▸ PROBLEM TO WORK ON: Your task is to find every line in the records that holds the string "teval" and copy it.

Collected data
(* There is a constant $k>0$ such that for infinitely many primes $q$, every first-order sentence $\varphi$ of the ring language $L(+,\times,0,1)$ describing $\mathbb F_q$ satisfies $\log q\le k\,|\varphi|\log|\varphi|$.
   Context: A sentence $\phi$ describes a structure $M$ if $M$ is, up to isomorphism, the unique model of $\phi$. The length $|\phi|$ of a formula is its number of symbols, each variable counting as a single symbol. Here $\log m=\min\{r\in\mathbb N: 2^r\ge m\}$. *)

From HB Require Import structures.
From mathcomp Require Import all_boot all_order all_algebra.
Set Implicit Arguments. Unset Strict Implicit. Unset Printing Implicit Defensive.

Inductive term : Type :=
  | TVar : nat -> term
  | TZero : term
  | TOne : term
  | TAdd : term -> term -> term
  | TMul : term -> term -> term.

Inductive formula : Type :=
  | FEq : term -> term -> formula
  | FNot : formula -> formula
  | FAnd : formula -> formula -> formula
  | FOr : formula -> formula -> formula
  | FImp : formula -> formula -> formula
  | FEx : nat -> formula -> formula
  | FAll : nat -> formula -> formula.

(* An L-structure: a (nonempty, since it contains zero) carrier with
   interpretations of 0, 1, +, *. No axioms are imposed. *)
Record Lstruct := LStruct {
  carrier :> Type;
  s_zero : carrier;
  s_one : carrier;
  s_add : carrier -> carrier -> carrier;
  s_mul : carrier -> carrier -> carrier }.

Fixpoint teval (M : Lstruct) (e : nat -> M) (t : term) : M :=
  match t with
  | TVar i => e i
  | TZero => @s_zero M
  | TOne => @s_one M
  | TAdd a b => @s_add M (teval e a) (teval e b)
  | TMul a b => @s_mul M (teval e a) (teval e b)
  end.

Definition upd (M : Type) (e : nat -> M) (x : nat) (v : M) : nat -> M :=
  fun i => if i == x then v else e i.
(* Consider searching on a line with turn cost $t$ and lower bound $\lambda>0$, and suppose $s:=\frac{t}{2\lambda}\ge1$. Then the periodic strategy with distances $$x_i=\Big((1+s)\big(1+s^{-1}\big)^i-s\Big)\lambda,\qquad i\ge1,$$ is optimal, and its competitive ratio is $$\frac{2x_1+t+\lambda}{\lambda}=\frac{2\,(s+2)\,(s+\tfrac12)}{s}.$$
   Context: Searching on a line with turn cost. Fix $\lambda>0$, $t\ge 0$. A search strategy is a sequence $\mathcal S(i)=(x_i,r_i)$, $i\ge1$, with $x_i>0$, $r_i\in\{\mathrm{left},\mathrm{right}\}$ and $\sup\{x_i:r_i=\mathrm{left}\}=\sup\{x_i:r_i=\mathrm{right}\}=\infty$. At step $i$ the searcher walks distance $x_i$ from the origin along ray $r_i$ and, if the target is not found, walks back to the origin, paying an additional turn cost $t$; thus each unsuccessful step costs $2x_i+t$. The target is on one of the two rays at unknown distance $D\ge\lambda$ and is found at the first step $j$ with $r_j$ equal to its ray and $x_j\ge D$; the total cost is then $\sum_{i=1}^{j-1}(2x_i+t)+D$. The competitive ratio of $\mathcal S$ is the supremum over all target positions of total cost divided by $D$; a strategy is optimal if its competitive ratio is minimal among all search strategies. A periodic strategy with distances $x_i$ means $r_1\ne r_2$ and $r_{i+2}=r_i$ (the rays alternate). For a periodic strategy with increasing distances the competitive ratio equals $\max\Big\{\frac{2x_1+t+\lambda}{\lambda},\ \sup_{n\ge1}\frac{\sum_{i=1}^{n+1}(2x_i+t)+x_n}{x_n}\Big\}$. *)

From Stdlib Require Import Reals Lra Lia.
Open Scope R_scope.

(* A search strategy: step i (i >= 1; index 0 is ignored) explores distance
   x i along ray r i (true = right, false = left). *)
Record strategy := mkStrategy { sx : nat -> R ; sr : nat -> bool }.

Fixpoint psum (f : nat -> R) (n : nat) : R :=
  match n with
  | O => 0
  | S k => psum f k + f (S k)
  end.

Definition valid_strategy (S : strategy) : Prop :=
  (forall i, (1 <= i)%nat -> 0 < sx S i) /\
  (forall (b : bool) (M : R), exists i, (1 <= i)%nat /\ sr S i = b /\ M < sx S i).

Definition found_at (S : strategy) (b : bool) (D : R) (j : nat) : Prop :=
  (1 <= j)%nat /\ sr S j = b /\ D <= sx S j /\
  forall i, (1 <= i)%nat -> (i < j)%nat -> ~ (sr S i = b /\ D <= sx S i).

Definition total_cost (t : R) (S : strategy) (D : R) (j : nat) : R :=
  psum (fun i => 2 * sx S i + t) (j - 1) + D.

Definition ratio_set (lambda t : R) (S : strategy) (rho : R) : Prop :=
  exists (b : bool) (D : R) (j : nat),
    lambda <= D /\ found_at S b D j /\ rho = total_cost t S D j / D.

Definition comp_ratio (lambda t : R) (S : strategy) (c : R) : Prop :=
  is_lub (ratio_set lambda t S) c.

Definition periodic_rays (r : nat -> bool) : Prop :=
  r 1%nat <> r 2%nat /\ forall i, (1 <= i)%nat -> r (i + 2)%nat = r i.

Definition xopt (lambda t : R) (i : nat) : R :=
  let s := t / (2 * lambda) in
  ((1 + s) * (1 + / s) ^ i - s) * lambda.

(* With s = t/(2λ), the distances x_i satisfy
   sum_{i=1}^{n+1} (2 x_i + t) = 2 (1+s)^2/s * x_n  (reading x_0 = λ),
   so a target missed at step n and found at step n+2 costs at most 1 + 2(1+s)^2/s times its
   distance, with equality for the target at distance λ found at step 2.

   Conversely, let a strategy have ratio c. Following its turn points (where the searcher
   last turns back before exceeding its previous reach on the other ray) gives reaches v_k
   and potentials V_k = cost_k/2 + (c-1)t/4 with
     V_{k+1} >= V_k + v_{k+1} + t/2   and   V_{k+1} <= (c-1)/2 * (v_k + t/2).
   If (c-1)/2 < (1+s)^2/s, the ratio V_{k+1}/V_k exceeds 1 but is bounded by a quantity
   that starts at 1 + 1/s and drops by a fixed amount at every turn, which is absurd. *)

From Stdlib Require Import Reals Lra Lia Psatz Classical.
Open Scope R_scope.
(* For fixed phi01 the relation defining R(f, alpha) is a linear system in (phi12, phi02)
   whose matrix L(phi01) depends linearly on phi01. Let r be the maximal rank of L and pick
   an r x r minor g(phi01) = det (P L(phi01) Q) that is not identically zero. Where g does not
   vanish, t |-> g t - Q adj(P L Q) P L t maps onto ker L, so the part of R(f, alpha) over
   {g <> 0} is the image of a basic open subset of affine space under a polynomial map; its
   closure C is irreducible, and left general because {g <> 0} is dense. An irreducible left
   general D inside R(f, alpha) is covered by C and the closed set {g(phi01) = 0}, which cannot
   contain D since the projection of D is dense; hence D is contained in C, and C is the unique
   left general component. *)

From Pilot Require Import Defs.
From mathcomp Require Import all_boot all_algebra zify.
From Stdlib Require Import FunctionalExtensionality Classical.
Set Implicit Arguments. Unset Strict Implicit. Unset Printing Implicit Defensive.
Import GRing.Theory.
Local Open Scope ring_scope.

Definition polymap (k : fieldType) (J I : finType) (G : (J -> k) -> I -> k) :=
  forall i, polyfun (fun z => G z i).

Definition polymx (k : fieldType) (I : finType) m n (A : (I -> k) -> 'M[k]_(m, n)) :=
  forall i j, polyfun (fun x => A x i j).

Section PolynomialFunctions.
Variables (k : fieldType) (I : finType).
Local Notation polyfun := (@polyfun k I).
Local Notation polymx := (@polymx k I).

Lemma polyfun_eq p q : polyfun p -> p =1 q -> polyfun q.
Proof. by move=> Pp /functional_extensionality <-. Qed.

▸ SOLUTION TO THIS TASK:
Fixpoint teval (M : Lstruct) (e : nat -> M) (t : term) : M :=
  | TAdd a b => @s_add M (teval e a) (teval e b)
  | TMul a b => @s_mul M (teval e a) (teval e b)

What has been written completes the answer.